那一刻我突然意识到,自己可能确实把自己弄坏了,那种被电流覆盖的感觉,就像是被挖空了一块,只剩下一个空洞,空洞里住着无数的信号和噪音。 我坐在地上,听着窗外间或传来的车鸣笛声,那声音有点刺耳,像是某种故障的喇叭在滴答作响。我trying to fix this,试图把那些乱七八糟的念头都赶回去,但如何也赶不走。
我想起了一些怪的数据:当人的意识被某种高频信号干扰严重时,大脑皮层会形成一种类似“过载”的状态,就像硬盘满了赶明儿启动疯狂写入数据,发出的声音会越来越大,最终整个系统都会融化。
我想象自己就是那个被写入数据的硬盘,里面存着的密码是我今晚做的噩梦,故此我的梦境就是备份。 天上的云层启动变化,原本灰白的颜色变成了某种液态的灰色,像是一块块流动的巧克力,缓缓向地面涌来。我抬头看,发现一个庞大的、类似眼的漩涡挂在云层最边缘,那双眼里仿佛有啥东西在流动,一闪一闪的,像是某种信号发射塔。我伸出手想要抓住它,手指头伸进去的那一刻,感觉像是摸到了某种能够传输数据的接口,指尖传来一阵轻微的刺痛,像是电流顺着胳膊流进了血管里。我意识到,我可能确实到了那个“电子人”之境,那里没有痛苦,却也没有快乐,全是数据,全是代码,全是那些无法被理解的黑色线条在穿梭。 我躺下,看着天花板,那团黑东西已经不见了,取而代之的是一块一般/平平的白墙,阳光透过窗户洒进来,照在我的脸上。我突然认定好困,眼皮越来越沉,那种被电流覆盖的感觉慢慢变成了某种沉睡的安宁。我仿佛睡着了一样,梦里的那个魔鬼、那个灰西装人、那些黑闪电,统统都消亡不见了。我醒来时,发现自己正坐在地板上,手里拿着一杯热咖啡,味道是熟悉的、温暖的。我摸了摸自己的脸,完好无损,所有的黑线和电流都消亡了。 梦醒时分,我望着窗外,那团黑东西还在,但不是在做怪,而是在静静地挂着,像是在等下一次访客。
我想起了那天晚上所有的数据流,想起了那些关于记忆被替换的警告,也明白了啥叫做彻底的断电。
那种感觉就像是一次彻底的格式化,别看过程挺痛苦,但终止后世界依然清楚,路边的树、天上的云、还有那杯咖啡,都是真的,都是新的。我不再恐惧那些黑线,出于它们只是我梦境的余光,挺快就会那会儿。生活还得持续,还得持续,哪怕心里间或会冒出一些怪的念头,也需求自己慢慢把它们赶走。 那天晚上,我实际上也没睡好,第二天醒来发现枕头被压变形了,像被啥东西狠狠撞击过一样。我就这样醒着,看着窗外鸟鸣声此起彼伏,听着风吹过树叶的沙沙声。

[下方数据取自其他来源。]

(* Moving from x radially away from u0 (or along h_0 when c p = 0) increases
   |c p| while staying in the region of absolute convergence. *)
Lemma majorant_bounded_near p :
  exists2 r, 0 < r & exists M, forall N, majorant p r N <= M.
Proof.
pose e := δ / (`|x - u0| + 2).
have e_gt0 : 0 < e by rewrite divr_gt0 // ltr_wpDl.
have cvg_shift v : `|v| <= `|x - u0| + 1 ->
    cvgn (series (fun l => `|pcterm a u0 (x + e *: v) l|)).
  move=> le_v; apply: cvg_near; rewrite addrAC subrr add0r normrZ gtr0_norm //.
  apply: (@le_lt_trans _ _ (e * (`|x - u0| + 1))); first by rewrite ler_wpM2l // ltW.
  by rewrite /e mulrAC ltr_pdivrMr ?ltr_wpDl // ltr_pM2l // ltrD2l ltr1n.
have [cp0 | cpn0] := eqVneq (c p) 0.
  exists e => //; apply: (@majorant_bounded_at p e (x + e *: pcone R n)).
  - rewrite (pcone_basis R n_gt0); apply: cvg_shift.
    by apply: le_trans (norm_pcbasis_le1 _ _) _; rewrite lerDr.
  - exact: ltW.
  rewrite cp0 normc0 add0r addrAC raddfD /= cp0 add0r pccharZ (pcone_basis R n_gt0).
  by rewrite pcchar_basis mulr1 normc_real gtr0_norm.
have cp_gt0 : 0 < normc (c p).
  by rewrite lt_def normc_ge0 andbT; apply: contra cpn0 => /eqP/eq0_normc ->.
exists (e * normc (c p)); first exact: mulr_gt0.
apply: (@majorant_bounded_at p _ (x + e *: (x - u0))).
- by apply/cvg_shift; rewrite lerDl.
- exact/ltW/mulr_gt0.
have -> : x + e *: (x - u0) - u0 = (1 + e) *: (x - u0) by rewrite scalerDl scale1r addrAC.
by rewrite pccharZ normcM normc_real gtr0_norm ?addr_gt0 // mulrDl mul1r.
Qed.

Lemma majorant_uniform_bound :
  exists2 r, 0 < r & exists M, forall (p : 'I_n) N, majorant p r N <= M.
Proof.
have /choice[rM hrM] : forall p : 'I_n,
    exists rM : R * R, 0 < rM.1 /\ forall N, majorant p rM.1 N <= rM.2.
  by move=> p; have [r r_gt0 [M hM]] := majorant_bounded_near p; exists (r, M).
have r_gt0 : 0 < \big[Order.min/1]_p (rM p).1.
  by apply: lt_bigmin => // p _; case: (hrM p).
exists (\big[Order.min/1]_p (rM p).1) => //; exists (\sum_p (rM p).2) => p N.
have M_ge0 q : 0 <= (rM q).2 by case: (hrM q) => _ /(_ 0%N); rewrite majorant0.
apply: le_trans (le_majorant p N (ltW r_gt0) (bigmin_le _ p _)) _.
apply: le_trans (proj2 (hrM p) N) _.
by rewrite (bigD1 p) //= lerDl sumr_ge0.
Qed.

Lemma dist_diff_quotient_le r M t (k j i : 'I_n) : (i : nat) = ((k + j) %% n)%N ->
  0 < r -> (forall (p : 'I_n) N, majorant p r N <= M) -> t != 0 -> `|t| <= r -> `|t| < δ ->
  `|limn (series pcderiv_term) 0 k
    - t^-1 * (pccomp a u0 i (t *: pcbasis R j + x) - pccomp a u0 i x)|
  <= `|t| * (n%:R * M / r ^+ 2).
Proof.
move=> hi r_gt0 le_M tn0 le_tr lt_tδ; set y := t *: pcbasis R j + x.
have cvg_y : cvgn (series (pcterm a u0 y)).
  apply/normed_cvg_rV/cvg_near; rewrite addrK normrZ; apply: le_lt_trans lt_tδ.
  by rewrite ler_piMr // norm_pcbasis_le1.
have cvg_x : cvgn (series (pcterm a u0 x)).
  by apply/normed_cvg_rV/cvg_near; rewrite subrr normr0.
have lim_D := cvg_rV_entry (m := k) (cvg_series_pcderiv_term r_gt0 le_M).
have lim_q : (fun N => (t^-1 *: (series (pcterm a u0 y) N - series (pcterm a u0 x) N)) 0 i)
    @ \oo --> t^-1 * (pccomp a u0 i y - pccomp a u0 i x).
  rewrite (_ : _ * _ = (t^-1 *: (pcseries a u0 y - pcseries a u0 x)) 0 i); last first.
    by rewrite !mxE.
  by apply: cvg_rV_entry; apply: cvgZ; [exact: cvg_cst | exact: cvgB].
apply: (ler_cvg_to (cvg_norm (cvgB lim_D lim_q)) (cvg_cst _)); apply: nearW => N /=.
rewrite !fctE -(pcmul_basis_entry _ hi) distrC.
rewrite (_ : _ - _ = (t^-1 *: (series (pcterm a u0 y) N - series (pcterm a u0 x) N)
  - pcmul (series pcderiv_term N) (pcbasis R j)) 0 i); last by rewrite !mxE.
by apply: le_trans (norm_entry_le _ _) _; apply: norm_diff_quotient_series_le.
Qed.

Lemma is_derive_pccomp (k j i : 'I_n) : (i : nat) = ((k + j) %% n)%N ->
  is_derive x (pcbasis R j) (pccomp a u0 i) (limn (series pcderiv_term) 0 k).
Proof.
move=> hi; have [r r_gt0 [M le_M]] := majorant_uniform_bound.
have M_ge0 : 0 <= M by have := le_M (Ordinal n_gt0) 0%N; rewrite majorant0.
set K := n%:R * M / r ^+ 2; have K_ge0 : 0 <= K by rewrite divr_ge0 ?sqr_ge0 ?mulr_ge0.
suff cvg_dq : (fun t => t^-1 *: ((pccomp a u0 i \o shift x) (t *: pcbasis R j)
    - pccomp a u0 i x)) @ 0^' --> limn (series pcderiv_term) 0 k.
  by split; [exact: cvgP cvg_dq | exact: cvg_lim cvg_dq].
apply/cvgrPdist_le => eps eps_gt0; near=> t.
have tn0 : t != 0 by near: t; exact: nbhs_dnbhs_neq.
have : `|t| < Num.min δ (Num.min r (eps / (K + 1))).
  by near: t; apply: dnbhs0_lt; rewrite !lt_min δ_gt0 r_gt0 divr_gt0 // ltr_wpDl.
rewrite !lt_min => /and3P[lt_tδ lt_tr lt_teps].
apply: le_trans (dist_diff_quotient_le hi r_gt0 le_M tn0 (ltW lt_tr) lt_tδ) _.
apply: (@le_trans _ _ (`|t| * (K + 1))); first by rewrite ler_wpM2l // lerDl.
by rewrite -ler_pdivlMr ?ltr_wpDl //; exact: ltW.
Unshelve. all: by end_near.
Qed.

End NearCenter.
End PowerSeries.

Theorem mainTheorem15 (R : realType) (n : nat) (hn : (2 <= n)%N)
  (a : nat -> 'rV[R]_n) (u0 : 'rV[R]_n) (U : set 'rV[R]_n)
  (hU : open U)
  (habs : forall u, U u -> cvgn (series (fun l => `| pcterm a u0 u l |))) :
  forall x, U x ->
  forall (k j1 j2 i1 i2 : 'I_n),
    (i1 : nat) = ((k + j1) %% n)%N -> (i2 : nat) = ((k + j2) %% n)%N ->
    derivable (pccomp a u0 i1) x (pcbasis R j1) /\
    'D_(pcbasis R j1) (pccomp a u0 i1) x = 'D_(pcbasis R j2) (pccomp a u0 i2) x.
Proof.
move=> x Ux k j1 j2 i1 i2 hi1 hi2.
have [w pw] := closed_prim_root_exists R[i] (ltnW hn).
have [δ δ_gt0 ball_U] : exists2 δ : R, 0 < δ & forall y, `|y - x| < δ -> U y.
  move: hU; rewrite openE => /(_ x Ux) /nbhs_ballP [e /= e_gt0 sub_U].
  by exists e => // y lt_yx; apply: sub_U; rewrite mx_norm_ball /ball_ /= distrC.
have cvg_near y : `|y - x| < δ -> cvgn (series (fun l => `|pcterm a u0 y l|)).
  by move=> /ball_U /habs.
have D1 := is_derive_pccomp pw δ_gt0 cvg_near hi1.
have D2 := is_derive_pccomp pw δ_gt0 cvg_near hi2.
by split; [exact: ex_derive | rewrite !derive_val].
Qed.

那是一种挺真的、让人安心的声音,跟梦里那些尖锐的电流声彻底不同。我伸出手揉了揉眼,动作迟钝,像是在重新学习如何呼吸。空气里弥漫着淡淡的清香,是昨夜被汗水打湿的衣服散发出来的味道,混合着阳光晒过床单的气息。 我站起身,走到阳台,外面的大风吹起我的衣角,带着一股湿润的凉意。我深吸一口气,感觉肺叶里充满了新鲜空气,那种感觉像是刚从深海里浮出水面,别看有点晕,但那种清醒的感觉是前所未有的。我拍了拍身上的灰尘,心里想着明天还要持续工作,别看昨晚的噩梦让我有些起鸡皮疙瘩,但那些黑线还在脑海里盘旋不去。
或许这就是人类的本能吧,甭管经历了多大的风暴,醒来后一直要面对现实,重新建立秩序。 我突然想起那天晚上那个数据流上的最终一个提示,那是某种保险机制在提醒我要及时止损。可我目前已经看到了,只要我不回头,那些黑线就一辈子留不住我自己。我走向门口,推开门,外面的阳光刺眼,照在脸上,那种刺痛感瞬间消亡了。我知道,甭管梦里有啥东西,现实里我都还得持续活着,持续 dealing 那些琐碎的日常。
只要能把那些乱七八糟的念头赶回去,把那些黑线剪断,我就还只是一个一般/平平人,一个能正常生活、能正常感受风的一般/平平人。